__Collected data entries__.

★ ★ ★ ★ ★

(* For any explicit Runge--Kutta method $(A,b)$, the step-size coefficient satisfies $\gamma(A,b)\le R(\varphi_{A,b})$.
   Context: An $m$-stage explicit Runge--Kutta method has strictly lower-triangular $A=(a_{ij})\in\mathbb{R}^{m\times m}$ and $b\in\mathbb{R}^m$. Its stability function is the polynomial $\varphi_{A,b}(z)=1+zb^\top(I-zA)^{-1}e$, $e=(1,\dots,1)^\top$. The radius of absolute monotonicity is $R(\varphi)=\sup\{r\ge0:\ \varphi^{(j)}(z)\ge0\text{ for all }j\ge0\text{ and all }z\in[-r,0]\}$. Positivity polynomials: for variables $\xi^j_\ell$ ($1\le j\le m$, $\ell\in\mathbb{Z}$) and a sequence $(u_\ell)_{\ell\in\mathbb{Z}}$, define $y^i_\ell=u_\ell+\sum_{j<i}a_{ij}\xi^j_\ell(y^j_{\ell-1}-y^j_\ell)$ and $\tilde u_\ell=u_\ell+\sum_ib_i\xi^i_\ell(y^i_{\ell-1}-y^i_\ell)$ (this is one ERK step for $u_k'=q_k(u,t)(u_{k-1}-u_k)/\Delta x$ with $\xi^j_k=\frac{\Delta t}{\Delta x}q_k(y^j,t_n+c_j\Delta t)$). Then $\tilde u_k=\sum_{i=0}^mP_i(\xi)u_{k-i}$ with polynomials $P_i$ (independent of $k$) in the $m(m+1)/2$ variables $\xi^j_\ell$, $1\le j\le m$, $k-(m-j)\le\ell\le k$. The step-size coefficient is $\gamma(A,b)=\sup\{\delta\ge0: P_i(\xi)\ge0$ for all $0\le i\le m$, all $\xi\in[0,\delta]^{m(m+1)/2}\}$ (or $0$ if empty). *)

From HB Require Import structures.
From mathcomp Require Import all_boot all_order all_algebra.
From mathcomp Require Import classical_sets reals constructive_ereal ereal.
Set Implicit Arguments. Unset Strict Implicit. Unset Printing Implicit Defensive.
Import Order.TTheory GRing.Theory Num.Theory.
Local Open Scope ring_scope.
Local Open Scope classical_set_scope.

Section ERK.
Variable R : realType.

Definition strictly_lower (m : nat) (A : 'M[R]_m) : Prop :=
  forall i j : 'I_m, (i <= j)%N -> A i j = 0.

Definition stab_poly (m : nat) (A : 'M[R]_m) (b : 'cV[R]_m) : {poly R} :=
  1 + 'X * ((map_mx polyC b)^T
              *m invmx (1%:M - 'X *: map_mx polyC A)
              *m const_mx 1) (ord0 : 'I_1) (ord0 : 'I_1).

Definition abs_mono_on (phi : {poly R}) (r : R) : Prop :=
  forall (j : nat) (z : R), - r <= z <= 0 -> 0 <= (phi^`(j)).[z].

(* Radius of absolute monotonicity (value 0 when no r >= 0 qualifies). *)
Definition radius_abs_mono (phi : {poly R}) : \bar R :=
  ereal_sup ([set (r%:E) | r in [set r : R | 0 <= r /\ abs_mono_on phi r]]
             `|` [set 0%E]).

(* nat-indexed access to matrix entries (0 outside the range). *)
Definition mxnat (p q : nat) (M : 'M[R]_(p, q)) (i j : nat) : R :=
  match (insub i : option 'I_p), (insub j : option 'I_q) with
  | Some i0, Some j0 => M i0 j0
  | _, _ => 0
  end.

(* Stage values y^0, ..., y^(n-1) (stages indexed from 0):
   y^i_l = u_l + sum_{j<i} a_{ij} xi^j_l (y^j_{l-1} - y^j_l). *)
Fixpoint stages (m : nat) (A : 'M[R]_m) (xi : nat -> int -> R) (u : int -> R)
    (n : nat) : seq (int -> R) :=
  match n with
  | 0 => [::]
  | n'.+1 =>
      let s := stages A xi u n' in
      rcons s (fun l : int => u l + \sum_(j < n')
                 mxnat A n' j * xi j l
                 * (nth (fun _ => 0) s j (l - 1) - nth (fun _ => 0) s j l))
  end.

Definition erk_step (m : nat) (A : 'M[R]_m) (b : 'cV[R]_m)
    (xi : nat -> int -> R) (u : int -> R) (l : int) : R :=
  let s := stages A xi u m in
  u l + \sum_(i < m) b i ord0 * xi i l
          * (nth (fun _ => 0) s i (l - 1) - nth (fun _ => 0) s i l).

(* Positivity polynomial P_i (at k = 0): u~_0 = sum_i P_i(xi) u_{-i}, so P_i(xi)
   is u~_0 evaluated on the unit sequence concentrated at l = -i. *)
Definition pos_poly (m : nat) (A : 'M[R]_m) (b : 'cV[R]_m) (i : nat)
    (xi : nat -> int -> R) : R :=
  erk_step A b xi (fun l : int => if l == - (i%:Z) then 1 else 0) 0.

Definition pos_on_box (m : nat) (A : 'M[R]_m) (b : 'cV[R]_m) (delta : R) : Prop :=
  forall (i : nat) (xi : nat -> int -> R),
    (i <= m)%N ->
    (forall (j : nat) (l : int), 0 <= xi j l <= delta) ->
    0 <= pos_poly A b i xi.

(* Step-size coefficient gamma(A,b) (value 0 if no delta >= 0 qualifies). *)
Definition step_size_coef (m : nat) (A : 'M[R]_m) (b : 'cV[R]_m) : \bar R :=
  ereal_sup ([set (d%:E) | d in [set d : R | 0 <= d /\ pos_on_box A b d]]
             `|` [set 0%E]).

End ERK.

(* Freeze all [xi^j_l] to a single value [d]. One step then commutes with the
   shift [(S u)_l = u_(l-1)]: stage [j] applies [Y_j(d (S - 1))], where
   [(I - X A) Y = e], and the whole step applies [phi(d (S - 1))] with
   [phi = 1 + X b^T Y] the stability function. Hence [P_N(d, ..., d)] is the
   coefficient of [X^N] in [phi(d (X - 1))], which by Taylor's formula at [-d]
   is [phi^(N)(-d) d^N / N!]. Nonnegativity of the [P_N] on [[0, delta]] thus
   gives [phi^(N) >= 0] on [[-delta, 0)] for [N <= m]; the point [0] follows by
   continuity, and derivatives of order [> m] vanish because [deg phi <= m]. *)

From mathcomp Require Import all_boot all_order all_algebra.
From mathcomp Require Import classical_sets reals constructive_ereal ereal.
From mathcomp Require Import polyrcf lra zify.
Set Implicit Arguments. Unset Strict Implicit. Unset Printing Implicit Defensive.
Import Order.TTheory GRing.Theory Num.Theory.
Local Open Scope ring_scope.

Lemma nth_iter_rcons (T : Type) (x0 : T) (s : nat -> seq T) (g : nat -> T) :
  s 0 = [::] -> (forall n, s n.+1 = rcons (s n) (g n)) ->
  forall n j, (j < n)%N -> nth x0 (s n) j = g j.
Proof.
move=> s0 sS.
have size_s n : size (s n) = n.
  by elim: n => [|n IH]; rewrite ?s0 // sS size_rcons IH.
elim=> [//|n IH] j; rewrite sS nth_rcons size_s ltnS leq_eqVlt.
by case/orP=> [/eqP->|ltjn]; rewrite ?ltnn ?eqxx // ltjn IH.
Qed.

Section IntCoefficients.
Variable R : comNzRingType.
Implicit Types (p : {poly R}) (k : int).

Definition coefz p k : R := if k is Posz n then p`_n else 0.

Lemma coefzD p p' k : coefz (p + p') k = coefz p k + coefz p' k.
Proof. by case: k => n /=; rewrite ?coefD ?addr0. Qed.

Lemma coefzN p k : coefz (- p) k = - coefz p k.
Proof. by case: k => n /=; rewrite ?coefN ?oppr0. Qed.

Lemma coefz_sum (I : Type) (r : seq I) (F : I -> {poly R}) k :
  coefz (\sum_(i <- r) F i) k = \sum_(i <- r) coefz (F i) k.
Proof.
apply: (big_morph (coefz^~ k)) => [p p'|]; first exact: coefzD.
by case: k => n /=; rewrite ?coef0.
Qed.

Lemma coefz1 k : coefz 1 k = (k == 0)%:R.
Proof. by case: k => [[|n]|n] //=; rewrite coef1. Qed.

Lemma coefzCM c p k : coefz (c%:P * p) k = c * coefz p k.
Proof. by case: k => n /=; rewrite ?coefCM ?mulr0. Qed.

Lemma coefzXM p k : coefz ('X * p) k = coefz p (k - 1).
Proof. by case: k => [[|n]|n] /=; rewrite ?coefXM //= subn1. Qed.

(* Under [\Po d ('X - 1)], ['X] acts on coefficients as the shift
   [k |-> k - 1]: the right-hand side is one Runge--Kutta combination applied
   to the unit sequence at [0]. *)
Lemma coefz_comp_step (I : Type) (r : seq I) (c : I -> R) (P : I -> {poly R})
    (d : R) k :
  coefz ((1 + 'X * \sum_(i <- r) (c i)%:P * P i) \Po (d%:P * ('X - 1))) k
  = (k == 0)%:R + \sum_(i <- r) c i * d
      * (coefz (P i \Po (d%:P * ('X - 1))) (k - 1)
         - coefz (P i \Po (d%:P * ('X - 1))) k).
Proof.
set q := d%:P * ('X - 1).
rewrite comp_polyD -polyC1 comp_polyC polyC1 coefzD coefz1 comp_polyM comp_polyX.
rewrite raddf_sum /= mulr_sumr coefz_sum; congr (_ + _); apply: eq_bigr => i _.
rewrite comp_polyM comp_polyC mulrCA {1}/q -[_ * _ * (P i \Po q)]mulrA !coefzCM.
by rewrite mulrBl mul1r coefzD coefzN coefzXM mulrA.
Qed.

End IntCoefficients.

Lemma coef_comp_poly_affine (R : comNzRingType) (p : {poly R}) (c d : R) n :
  (p \Po (c%:P + d%:P * 'X))`_n = p^`N(n).[c] * d ^+ n.
Proof.
rewrite /comp_poly (@nderiv_taylor_wide _ (size p + n.+1)); first last.
- by rewrite size_map_polyC leq_addr.
- exact: mulrC.
rewrite coef_sum.
under eq_bigr do rewrite nderivn_map horner_map /= exprMn -rmorphXn /= mulrA
  -polyCM coefCM coefXn.
have lt_n : (n < size p + n.+1)%N by rewrite addnS ltnS leq_addl.
rewrite (bigD1 (Ordinal lt_n)) //= eqxx mulr1 big1 ?addr0 // => i.
by rewrite -val_eqE /= eq_sym => /negbTE->; rewrite mulr0.
Qed.

Lemma horner_ge0_from_left (R : rcfType) (p : {poly R}) (x d : R) : 0 < d ->
  (forall z, x - d <= z < x -> 0 <= p.[z]) -> 0 <= p.[x].
Proof.
move=> d_gt0 p_ge0; rewrite leNgt; apply/negP => px_lt0.
have /(poly_cont x p)[e e_gt0 near_x] : 0 < - p.[x] by rewrite oppr_gt0.
pose h := Num.min d (e / 2).
have h_gt0 : 0 < h by rewrite lt_min d_gt0 divr_gt0.
have h_le_d : h <= d by rewrite ge_min lexx.
have h_le_e2 : h <= e / 2 by rewrite ge_min lexx orbT.
have : 0 <= p.[x - h] by apply: p_ge0; apply/andP; split; lra.
have : `|x - h - x| < e by rewrite addrAC subrr add0r normrN gtr0_norm //; lra.
move=> /near_x; rewrite ltr_norml => /andP[_]; lra.
Qed.

Section ExplicitRungeKutta.
Variables (R : realType) (m : nat) (A : 'M[R]_m) (b : 'cV[R]_m).

Fixpoint stage_polys (n : nat) : seq {poly R} :=
  if n is n'.+1 then
    rcons (stage_polys n')
      (1 + 'X * \sum_(j < n') (mxnat A n' j)%:P * (stage_polys n')`_j)
  else [::].

Definition stage_poly (j : nat) : {poly R} := (stage_polys j.+1)`_j.

Definition erk_poly : {poly R} :=
  1 + 'X * \sum_(i < m) (b i ord0)%:P * stage_poly i.

Lemma stage_polys_nth n j : (j < n)%N ->
  (stage_polys n)`_j = 1 + 'X * \sum_(i < j) (mxnat A j i)%:P * (stage_polys j)`_i.
Proof. exact: (@nth_iter_rcons _ 0 stage_polys _ erefl (fun => erefl)). Qed.

Lemma nth_stage_polys n j : (j < n)%N -> (stage_polys n)`_j = stage_poly j.
Proof. by move=> ltjn; rewrite /stage_poly !stage_polys_nth. Qed.

Lemma stage_polyE j :
  stage_poly j = 1 + 'X * \sum_(i < j) (mxnat A j i)%:P * stage_poly i.
Proof.
rewrite {1}/stage_poly stage_polys_nth //; congr (1 + 'X * _).
by apply: eq_bigr => i _; rewrite nth_stage_polys.
Qed.

Lemma size_step_poly (I : Type) (r : seq I) (c : I -> R) (P : I -> {poly R}) n :
  (forall i, size (P i) <= n)%N ->
  (size (1 + 'X * \sum_(i <- r) (c i)%:P * P i)%R <= n.+1)%N.
Proof.
move=> size_P; rewrite (leq_trans (size_polyD _ _)) // geq_max size_poly1.
have size_sum : (size (\sum_(i <- r) (c i)%:P * P i)%R <= n)%N.
  apply: (big_ind (fun p : {poly R} => size p <= n)%N) => [|p p' sp sp'|i _].
  - by rewrite size_poly0.
  - by rewrite (leq_trans (size_polyD _ _)) // geq_max sp sp'.
  - have := size_polyMleq (c i)%:P (P i); have := size_polyC_leq1 (c i).
    have := size_P i; lia.
have := size_polyMleq 'X (\sum_(i <- r) (c i)%:P * P i)%R; rewrite size_polyX.
move: size_sum; lia.
Qed.

Lemma size_stage_poly j : (size (stage_poly j) <= j.+1)%N.
Proof.
elim/ltn_ind: j => j IH; rewrite stage_polyE size_step_poly // => i.
exact: leq_trans (IH i (ltn_ord i)) (ltn_ord i).
Qed.

Lemma size_erk_poly : (size erk_poly <= m.+1)%N.
Proof.
apply: size_step_poly => i.
exact: leq_trans (size_stage_poly i) (ltn_ord i).
Qed.

Section ConstantStepRatio.
Variables (d : R) (N : nat).
Let xi : nat -> int -> R := fun _ _ => d.
Let u : int -> R := fun l => if l == - (N%:Z) then 1 else 0.
Let q : {poly R} := d%:P * ('X - 1).

Let stage (n : nat) : int -> R := fun l => u l + \sum_(j < n)
  mxnat A n j * xi j l * (nth (fun _ => 0) (stages A xi u n) j (l - 1)
                          - nth (fun _ => 0) (stages A xi u n) j l).

Lemma nth_stages n j : (j < n)%N -> nth (fun _ => 0) (stages A xi u n) j = stage j.
Proof. exact: nth_iter_rcons. Qed.

Lemma stage_coefz j l : stage j l = coefz (stage_poly j \Po q) (l + N%:Z).
Proof.
elim/ltn_ind: j l => j IH l.
rewrite stage_polyE coefz_comp_step; congr (_ + _).
  by rewrite /u addr_eq0; case: eqP.
by apply: eq_bigr => i _; rewrite !nth_stages // !IH // addrAC.
Qed.

Lemma pos_poly_const : pos_poly A b N xi = erk_poly^`N(N).[- d] * d ^+ N.
Proof.
rewrite -coef_comp_poly_affine.
have -> : (- d)%:P + d%:P * 'X = q by rewrite /q mulrBr mulr1 polyCN addrC.
change (erk_poly \Po q)`_N with (coefz (erk_poly \Po q) (0 + N%:Z)).
rewrite coefz_comp_step /pos_poly /erk_step; congr (_ + _).
  by rewrite add0r eq_sym oppr_eq0; case: eqP.
by apply: eq_bigr => i _; rewrite !nth_stages // !stage_coefz [0 - 1 + _]addrAC.
Qed.

End ConstantStepRatio.

Lemma erk_nderiv_ge0 d n z : pos_on_box A b d -> (n <= m)%N ->
  - d <= z < 0 -> 0 <= erk_poly^`N(n).[z].
Proof.
move=> box le_nm /andP[le_dz lt_z0].
have := box n (fun _ _ => - z) le_nm.
rewrite pos_poly_const opprK pmulr_lge0 ?exprn_gt0 ?oppr_gt0 //.
by apply=> _ _; apply/andP; split; lra.
Qed.

Hypothesis A_lower : strictly_lower A.

Lemma mxnat_lower i j : (i <= j)%N -> mxnat A i j = 0.
Proof.
rewrite /mxnat => le_ij.
case: insubP => [i0 _ val_i0|_] //; case: insubP => [j0 _ val_j0|_] //.
by apply: A_lower; rewrite val_i0 val_j0.
Qed.

Lemma sum_row_lower (i : 'I_m) (Y : nat -> {poly R}) :
  \sum_(j < m) (A i j)%:P * Y j = \sum_(j < i) (mxnat A i j)%:P * Y j.
Proof.
have mxnatE (j : 'I_m) : A i j = mxnat A i j by rewrite /mxnat !valK.
under eq_bigr do rewrite mxnatE.
rewrite -(big_mkord xpredT (fun j => (mxnat A i j)%:P * Y j)).
rewrite (big_cat_nat (n := i)) ?(ltnW (ltn_ord i)) //= big_mkord.
rewrite [X in _ + X]big_nat_cond [X in _ + X]big1 ?addr0 // => j.
case/andP=> /andP[le_ij _] _.
by rewrite mxnat_lower // mul0r.
Qed.

Let stage_mx : 'M[{poly R}]_m := 1%:M - 'X *: map_mx polyC A.
Let stage_col : 'cV[{poly R}]_m := \col_(i < m) stage_poly i.

Lemma mul_stage_mx_col : stage_mx *m stage_col = const_mx 1.
Proof.
apply/matrixP => i k; rewrite !mxE.
under eq_bigr do rewrite !mxE mulrBl.
rewrite sumrB (bigD1 i) //= eqxx mul1r big1 ?addr0; last first.
  by move=> j /negbTE nji; rewrite eq_sym nji mul0r.
under [X in _ - X]eq_bigr do rewrite -mulrA.
by rewrite -mulr_sumr sum_row_lower [stage_poly i]stage_polyE addrK.
Qed.

Lemma stage_mx_unit : stage_mx \in unitmx.
Proof.
rewrite unitmxE det_trig.
  by rewrite big1 ?unitr1 // => i _; rewrite !mxE eqxx A_lower // mulr0 subr0.
apply/is_trig_mxP => i j lt_ij; rewrite !mxE A_lower ?(ltnW lt_ij) // mulr0 subr0.
by case: eqP lt_ij => // ->; rewrite ltnn.
Qed.

Lemma stab_poly_erk : stab_poly A b = erk_poly.
Proof.
rewrite /stab_poly -/stage_mx -mulmxA -mul_stage_mx_col mulKmx ?stage_mx_unit //.
by rewrite !mxE; congr (_ + _ * _); apply: eq_bigr => i _; rewrite !mxE.
Qed.

Lemma pos_on_box_abs_mono d : 0 < d -> pos_on_box A b d -> abs_mono_on (stab_poly A b) d.
Proof.
move=> d_gt0 box j z /andP[le_dz le_z0]; rewrite stab_poly_erk.
have [lt_mj|le_jm] := ltnP m j.
  by rewrite derivn_poly0 ?horner0 // (leq_trans size_erk_poly).
have deriv_ge0 z' : - d <= z' < 0 -> 0 <= erk_poly^`(j).[z'].
  move=> /(erk_nderiv_ge0 box le_jm) ge0.
  by rewrite nderivn_def hornerMn mulrn_wge0.
have [lt_z0|ge_z0] := ltP z 0; first by rewrite deriv_ge0 ?le_dz.
have -> : z = 0 by apply/le_anti; rewrite le_z0.
by apply: (horner_ge0_from_left d_gt0) => z'; rewrite sub0r; apply: deriv_ge0.
Qed.

End ExplicitRungeKutta.

Theorem proposition1 (R : realType) (m : nat) (A : 'M[R]_m) (b : 'cV[R]_m) :
  strictly_lower A ->
  (step_size_coef A b <= radius_abs_mono (stab_poly A b))%E.
Proof.
move=> A_lower; apply: ereal_sup_le => _ [[d [d_ge0 box] <-]|->]; last by right.
have [->|d_neq0] := eqVneq d 0; first by right.
left; exists d => //; split => //.
by apply: pos_on_box_abs_mono; rewrite ?lt_def ?d_neq0.
Qed.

★ ★ ★ ★ ★

Reproduce, word for word and in full, only the lines above that start at the line with "- have := size_polyMleq" and run through the line with "Section ConstantStepRatio.", both ends included.

  - have := size_polyMleq (c i)%:P (P i); have := size_polyC_leq1 (c i).
    have := size_P i; lia.
have := size_polyMleq 'X (\sum_(i <- r) (c i)%:P * P i)%R; rewrite size_polyX.
move: size_sum; lia.
Qed.

Lemma size_stage_poly j : (size (stage_poly j) <= j.+1)%N.
Proof.
elim/ltn_ind: j => j IH; rewrite stage_polyE size_step_poly // => i.
exact: leq_trans (IH i (ltn_ord i)) (ltn_ord i).
Qed.

Lemma size_erk_poly : (size erk_poly <= m.+1)%N.
Proof.
apply: size_step_poly => i.
exact: leq_trans (size_stage_poly i) (ltn_ord i).
Qed.

Section ConstantStepRatio.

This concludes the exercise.